Paul Garrett/Contributing Photographer Binghamton University is the only SUNY school to currently offer a complete degree program in Arabic Studies, and the department is continuing to grow. Nineteen BU students, a record number, graduated with an Arabic Studies major this past spring.

Of the 64 SUNY campuses, Binghamton University is the only one to offer a complete degree program in Arabic Studies. Over the past three years, more BU students have chosen to pursue a degree in Arabic Studies than ever before.

According to R. Kevin Lacey, an associate professor of classical and Near Eastern studies and director of the undergraduate Arabic and Near Eastern Studies program, there are about 50 students who major or minor in the subject, more than double the 2008 figure. Nineteen students graduated with degrees in the subject this past May, BU’s highest number in history.

Lacey said he believes the increase could be attributed to ongoing struggles in the Middle East and other nations where Arabic is prevalent.

“Sometimes it takes a crisis to alert the public to the importance of language studies,” he said. “Unfortunately or fortunately, the conflict in Egypt will contribute to the feelings of young college students to study Arabic.”
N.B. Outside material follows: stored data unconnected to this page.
(* Put v_j := E*_j u.  As E_0 has rank one, E_0 v_0 = E_0 E*_0 E_0 u = tr(E_0 E*_0) u,
   and the Lagrange interpolation polynomial gives
   (A - th_1) ... (A - th_d) = (th_0 - th_1) ... (th_0 - th_d) E_0.
   Since A moves E*_k V into E*_0 V + ... + E*_(k+1) V, applying the factors
   A - th_i to v_0 one at a time keeps the vector inside E*_0 V + ... + E*_k V, with
   E*_k-component c_1 ... c_k v_k.  Comparing the E*_d-components of both sides
   gives (th_0 - th_1) ... (th_0 - th_d) tr(E_0 E*_0) = c_1 ... c_d.  The same
   raising argument, for A* along the E_k and for A along the E*_k, shows that u
   generates V under A* and v_0 generates V under A; so no E*_j kills u and E_0
   does not kill v_0, which makes v_d and tr(E_0 E*_0) nonzero. *)

From HB Require Import structures.
From mathcomp Require Import all_boot all_order all_algebra zify.
Set Implicit Arguments.
Unset Strict Implicit.
Unset Printing Implicit Defensive.
Import Order.TTheory GRing.Theory Num.Theory.
Local Open Scope ring_scope.

Lemma rank1_mx_factor (K : fieldType) n (E : 'M[K]_n) :
  \rank E = 1%N -> exists (c : 'cV[K]_n) (r : 'rV[K]_n), E = c *m r.
Proof.
move=> rkE; have := mulmx_base E.
by move: (col_base E) (row_base E); rewrite rkE => c r <-; exists c, r.
Qed.

Lemma mulmx_rank1_neq0 (K : fieldType) m n (E : 'M[K]_n) (X : 'M[K]_(m, n))
    (v : 'cV[K]_n) :
  \rank E = 1%N -> X *m E != 0 -> E *m v != 0 -> X *m E *m v != 0.
Proof.
case/rank1_mx_factor=> c [r ->] XE_neq0 Ev_neq0.
have -> : X *m (c *m r) *m v = (r *m v) 0 0 *: (X *m c).
  by rewrite -!mulmxA {1}[r *m v]mx11_scalar mul_mx_scalar scalemxAr.
rewrite scaler_eq0 negb_or; apply/andP; split.
  apply: contraNneq Ev_neq0 => rv0.
  by rewrite -mulmxA [r *m v]mx11_scalar rv0 mul_mx_scalar scale0r.
by apply: contraNneq XE_neq0; rewrite mulmxA => ->; rewrite mul0mx.
Qed.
For Sharif Khalil, a senior double-majoring in Arabic Studies and accounting, the decision to study Arabic was more of a personal choice than one based in realpolitik.

“My dad is Egyptian and I never got to speak Arabic with him,” he said. “I didn’t know Binghamton had the major until I took my first class in it and realized I needed to go farther with it.”

But Khalil agreed that the sudden increase of students studying Arabic is attributable to a national push in the United States to better understand Arabic cultures.

“Our world is so much smaller now due to technology,” he said. “The government is trying to put together a force [of diplomats] who understands their culture and who have more knowledge of how they [Arabic cultures] live in the Middle East.”

According to Lacey, other factors that have increased interest in the program include pairings with history and politics majors, the high number of countries where Arabic is the official language, and a general curiosity sparked by world events. At BU, however, the retention rate of students who take introductory-level courses in Arabic studies choosing to major or minor in the subject is unusually high.

A Modern Language Association (MLA) survey found a 46 percent increase from 2006 to 2009 in students enrolled in Arabic courses. The same survey ranked Arabic the eighth-most studied language in the country, moving up to pass Russian and Latin since 2006.

Thus far, SUNY has been unable to keep up with the rising demand for Arabic courses. Lacey said that last fall, more than 80 students attempted to sign up for ARAB101 and while he was pleased that 70 were allowed into the two sections of the class, the high enrollment did not offer the conversational classroom environment he preferred.

“In a Spanish class, a professor can go around the room and ask ‘¿Como estás?’ to each student every day. Here, we don’t have that opportunity and the students can suffer,” Lacey said.

Despite the program’s limited resources, its students have taken advantage of options to study in the Middle East. In summer 2009, 28 BU students traveled to Egypt to study at Alexandria University. Lacey said the trip marked the largest number of students from the same American university to ever study in Egypt at the same time.

According to the website of the classical and Near Eastern studies department, which oversees the Arabic program, Arabic Studies students are encouraged to study abroad whenever possible, although Lacey said he is doubtful that 2011 will be a safe time for them because of current instability across much of the Arabic-speaking world.

Khalil said he has had the opportunity to make practical use of his knowledge of Arabic within the United States In 2009, he became the first BU student to hold a government internship in Washington, D.C. directly related to the program when he entered the National Security Internship. He said the purpose of the program was to develop a culturally aware government workforce through shadowing the Department of Justice for 20 hours a week and taking courses at George Washington University. In those courses, Khalil studied the Arabic language, Arabic film and culture and national security.

“The year after, they took a second person from the school,” Khalil said. “I think it shows that Binghamton is making a good name for itself.”

Khalil recognizes that the department is growing and gives credit for some of his success to professor Tayseer Gomaa’s teaching style. He said she makes a noticeable effort to offer a personal experience for each student.

“When someone is so passionate about something, it makes you want to be passionate, too,” Khalil said. “It’s enjoyable because the language has so much culture incorporated. The program deserves a lot of credit.”